The file is reconstructed automatically during download.

Deleting Files

Deleting a GridFS file removes both its metadata and associated chunks.

Example:

bucket.delete(fileId);

This prevents orphaned chunks from remaining in the database.

Common Use Cases

Content Management Systems

Organizations store:

  • PDFs

  • Documents

  • Images

  • Presentations

within MongoDB.

Video Streaming Platforms

Large video files can be streamed directly through GridFS.

Medical Applications

Hospitals often store:

  • MRI scans

  • X-rays

  • Medical reports

along with metadata.

Cloud Storage Services

GridFS can serve as a backend storage mechanism for custom file-sharing applications.

IoT Systems

Devices may generate large logs and binary data that need long-term storage.

Limitations of GridFS

Performance Overhead

Breaking files into chunks introduces additional database operations.

Not Always Ideal for Static Content

For websites serving millions of images or videos, dedicated object storage systems may perform better.

Examples include:

  • Amazon S3

  • Google Cloud Storage

  • Azure Blob Storage

Increased Database Size

Storing many large files can significantly increase MongoDB storage requirements.

GridFS vs Traditional File System

Feature GridFS File System
Large File Support Yes Yes
Metadata Storage Built-in Separate mechanism required
Replication Automatic Additional setup needed
Sharding Supported Complex implementation
Querying Metadata Easy Limited
Scalability High Depends on infrastructure

Best Practices

  1. Use GridFS only when files need to be managed within MongoDB.

  2. Store meaningful metadata for easier searching and categorization.

  3. Enable indexes on frequently queried metadata fields.

  4. Use replica sets for reliability.

  5. Implement sharding when handling massive file collections.

  6. Monitor storage growth and chunk distribution.

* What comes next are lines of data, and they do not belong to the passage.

(* Consider the mining game with $N\ge 2$ miners, costs-per-hash $0<c_1\le\dots\le c_N$, reward $R>0$ and capacity parameter $\gamma\ge0$. The number of active miners in the unique equilibrium hash rate profile is the largest integer $n$ with $2\le n\le N$ such that $$c_n<\frac{c^{(n)}+R\gamma/c_n}{n-1},\qquad c^{(n)}=\sum_{i=1}^n c_i.$$ This number $n$ is (weakly) increasing in $R$ and in $\gamma$.
   Context: Mining game: $N\ge2$ miners with costs-per-hash $0<c_1\le\dots\le c_N$; each miner $i$ chooses $h_i\ge0$, $H=\sum_j h_j$, and the payoff of miner $i$ is $\frac{h_i}{H}R-c_ih_i-\frac{\gamma}{2}h_i^2$ if $H>0$, and $0$ if $H=0$. An equilibrium hash rate profile is a pure-strategy Nash equilibrium $h^*\in[0,\infty)^N$; it exists and is unique. Miner $i$ is active if $h_i^*>0$. *)

From HB Require Import structures.
From mathcomp Require Import all_boot all_order all_algebra.
From mathcomp Require Import reals.
Set Implicit Arguments. Unset Strict Implicit. Unset Printing Implicit Defensive.
Import Order.TTheory GRing.Theory Num.Theory.
Local Open Scope ring_scope.

(* Miners are indexed 1..N; costs c : nat -> R, hash profile h : nat -> R
   (only the values at indices 1..N are relevant). r is the reward R,
   g is the capacity parameter gamma. *)

Section Mining.
Variable R : realType.

Definition total_hash (N : nat) (h : nat -> R) : R := \sum_(1 <= j < N.+1) h j.

Definition payoff (N : nat) (c : nat -> R) (r g : R) (h : nat -> R) (i : nat) : R :=
  let H := total_hash N h in
  if 0 < H then h i / H * r - c i * h i - g / 2 * h i ^+ 2 else 0.

Definition deviate (h : nat -> R) (i : nat) (x : R) : nat -> R :=
  fun j => if j == i then x else h j.

Definition is_equilibrium (N : nat) (c : nat -> R) (r g : R) (h : nat -> R) : Prop :=
  (forall i, (1 <= i <= N)%N -> 0 <= h i) /\
  (forall i, (1 <= i <= N)%N -> forall x : R, 0 <= x ->
      payoff N c r g (deviate h i x) i <= payoff N c r g h i).

Definition num_active (N : nat) (h : nat -> R) : nat :=
  count (fun i => 0 < h i) (iota 1 N).

Definition cum_cost (c : nat -> R) (n : nat) : R := \sum_(1 <= i < n.+1) c i.

Definition active_cond (c : nat -> R) (r g : R) (n : nat) : bool :=
  c n < (cum_cost c n + r * g / c n) / (n%:R - 1).

Definition n_active (N : nat) (c : nat -> R) (r g : R) : nat :=
  (\max_(2 <= n < N.+1 | active_cond c r g n) n)%N.

End Mining.

From HB Require Import structures.
From mathcomp Require Import all_boot all_order all_algebra.
From mathcomp Require Import reals ring lra zify.
Set Implicit Arguments. Unset Strict Implicit. Unset Printing Implicit Defensive.
Import Order.TTheory GRing.Theory Num.Theory.
Local Open Scope ring_scope.

(* In an equilibrium the total hash rate H is positive, and perturbing a
   miner's hash rate yields the first-order conditions
   R (H - h_i) = H^2 (c_i + gamma h_i) for active miners and R <= H c_i for
   inactive ones. With the price p = R / H, miner i is thus active iff
   c_i < p, so the active miners are 1..k for sorted costs, and summing
   h_i (gamma H + p) = H (p - c_i) over them gives (k - 1) p = c^(k) + gamma H.
   The condition at n reads c_n^2 (n - 1) < c_n c^(n) + R gamma, and by that
   identity c_n^2 (k - 1) - c_n c^(k) - R gamma = (c_n - p) ((k - 1) c_n + gamma H):
   this is negative for n = k, and for n > k, where c_n >= p and
   c^(n) <= c^(k) + (n - k) c_n, the condition fails. Monotonicity holds
   because the condition depends on R and gamma only through R gamma. *)

Section RealFacts.
Variable R : realFieldType.

Lemma le0_of_le_small (phi A B : R) : 0 <= A -> 0 <= B ->
  (forall t : R, 0 < t < 1 -> phi <= t * (A + B * t)) -> phi <= 0.
Proof.
move=> A_ge0 B_ge0 small; rewrite leNgt; apply/negP => phi_gt0.
have D_gt0 : 0 < A + B + 2 * phi by lra.
pose t := phi / (A + B + 2 * phi).
have tD : t * (A + B + 2 * phi) = phi by rewrite mulfVK ?gt_eqF.
have t_gt0 : 0 < t by rewrite divr_gt0.
have t_lt1 : t < 1 by nra.
have := small t; rewrite t_gt0 t_lt1 => /(_ isT); nra.
Qed.

Lemma price_factor (K C G p x : R) : (K - 1) * p = C + G ->
  x * (x * (K - 1)) - x * C - p * G = (x - p) * ((K - 1) * x + G).
Proof.
move=> E; have -> : G = (K - 1) * p - C by rewrite E; ring.
by ring.
Qed.

End RealFacts.

Lemma count_down_closed (P : pred nat) (N : nat) :
  (forall i j, (1 <= i)%N -> (i <= j)%N -> (j <= N)%N -> P j -> P i) ->
  forall i, (1 <= i <= N)%N -> P i = (i <= count P (iota 1 N))%N.
Proof.
move=> down i /andP[i1 iN].
have -> : iota 1 N = iota 1 i.-1 ++ iota i (N - i.-1).
  by rewrite {1}(_ : N = i.-1 + (N - i.-1))%N ?iotaD ?add1n ?prednK //; lia.
rewrite count_cat; case Pi: (P i).
- have allP : count P (iota 1 i.-1) = i.-1.
    rewrite -[RHS](size_iota 1); apply/eqP; rewrite -all_count; apply/allP => j.
    by rewrite mem_iota => jr; apply: (down j i) => //; lia.
  by rewrite allP (_ : N - i.-1 = (N - i).+1)%N /= ?Pi; lia.
- have noneP : count P (iota i (N - i.-1)) = 0%N.
    apply/eqP; rewrite -leqn0 leqNgt -has_count; apply/hasP => -[j].
    rewrite mem_iota => jr Pj; move: Pi; rewrite (down i j) //; lia.
  rewrite noneP addn0; apply/esym/negbTE; rewrite -ltnNge.
  by rewrite (leq_ltn_trans (count_size _ _)) ?size_iota //; lia.
Qed.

  7. Consider object storage solutions when serving extremely high volumes of media content.

Conclusion

GridFS is MongoDB's specialized solution for storing and managing files that exceed the 16 MB document limit. By dividing files into smaller chunks and storing metadata separately, GridFS enables efficient handling of large multimedia files, documents, backups, and binary data. It integrates seamlessly with MongoDB features such as replication, sharding, indexing, and metadata querying, making it a powerful choice for applications that require both file storage and database capabilities within a unified system.